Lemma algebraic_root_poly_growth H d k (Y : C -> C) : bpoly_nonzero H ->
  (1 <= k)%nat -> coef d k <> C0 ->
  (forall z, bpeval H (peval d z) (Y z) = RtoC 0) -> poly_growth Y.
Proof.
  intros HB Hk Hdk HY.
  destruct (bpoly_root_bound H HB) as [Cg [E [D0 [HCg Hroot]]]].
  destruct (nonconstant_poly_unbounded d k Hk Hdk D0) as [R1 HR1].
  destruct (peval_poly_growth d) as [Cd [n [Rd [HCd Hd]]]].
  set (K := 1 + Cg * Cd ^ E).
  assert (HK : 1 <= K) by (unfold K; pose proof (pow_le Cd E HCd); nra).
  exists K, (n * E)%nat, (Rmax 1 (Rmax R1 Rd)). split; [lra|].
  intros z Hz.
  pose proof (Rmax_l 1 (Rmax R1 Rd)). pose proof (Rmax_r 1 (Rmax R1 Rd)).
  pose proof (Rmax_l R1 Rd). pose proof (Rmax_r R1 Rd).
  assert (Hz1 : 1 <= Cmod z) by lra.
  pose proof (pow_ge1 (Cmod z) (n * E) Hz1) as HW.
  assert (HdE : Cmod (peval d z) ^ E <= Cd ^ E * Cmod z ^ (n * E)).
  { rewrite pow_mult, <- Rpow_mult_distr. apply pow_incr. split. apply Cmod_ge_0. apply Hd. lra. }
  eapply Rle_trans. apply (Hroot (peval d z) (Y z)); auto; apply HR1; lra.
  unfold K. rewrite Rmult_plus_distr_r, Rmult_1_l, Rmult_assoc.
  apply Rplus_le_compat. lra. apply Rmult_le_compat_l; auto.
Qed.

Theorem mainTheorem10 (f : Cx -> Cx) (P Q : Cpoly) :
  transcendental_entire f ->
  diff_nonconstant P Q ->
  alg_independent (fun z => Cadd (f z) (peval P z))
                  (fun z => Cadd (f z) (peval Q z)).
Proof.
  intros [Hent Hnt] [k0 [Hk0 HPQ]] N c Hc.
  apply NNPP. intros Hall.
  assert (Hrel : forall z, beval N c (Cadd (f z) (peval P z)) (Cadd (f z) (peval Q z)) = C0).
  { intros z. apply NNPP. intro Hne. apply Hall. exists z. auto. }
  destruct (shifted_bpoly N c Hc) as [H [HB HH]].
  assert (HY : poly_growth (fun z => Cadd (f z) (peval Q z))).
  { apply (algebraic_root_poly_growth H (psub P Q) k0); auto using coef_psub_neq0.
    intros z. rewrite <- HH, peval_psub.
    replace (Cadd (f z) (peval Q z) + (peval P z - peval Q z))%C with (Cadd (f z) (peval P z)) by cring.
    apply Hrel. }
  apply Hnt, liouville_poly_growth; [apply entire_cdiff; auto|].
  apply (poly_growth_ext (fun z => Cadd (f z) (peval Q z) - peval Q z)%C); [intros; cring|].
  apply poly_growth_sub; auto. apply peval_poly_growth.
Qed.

□ □ □ □ □

_Task to complete_
Look through the records for the word "forall". Every line that has it should be copied.

_Written reply_
  (forall z, bpeval H (peval d z) (Y z) = RtoC 0) -> poly_growth Y.
  assert (Hrel : forall z, beval N c (Cadd (f z) (peval P z)) (Cadd (f z) (peval Q z)) = C0).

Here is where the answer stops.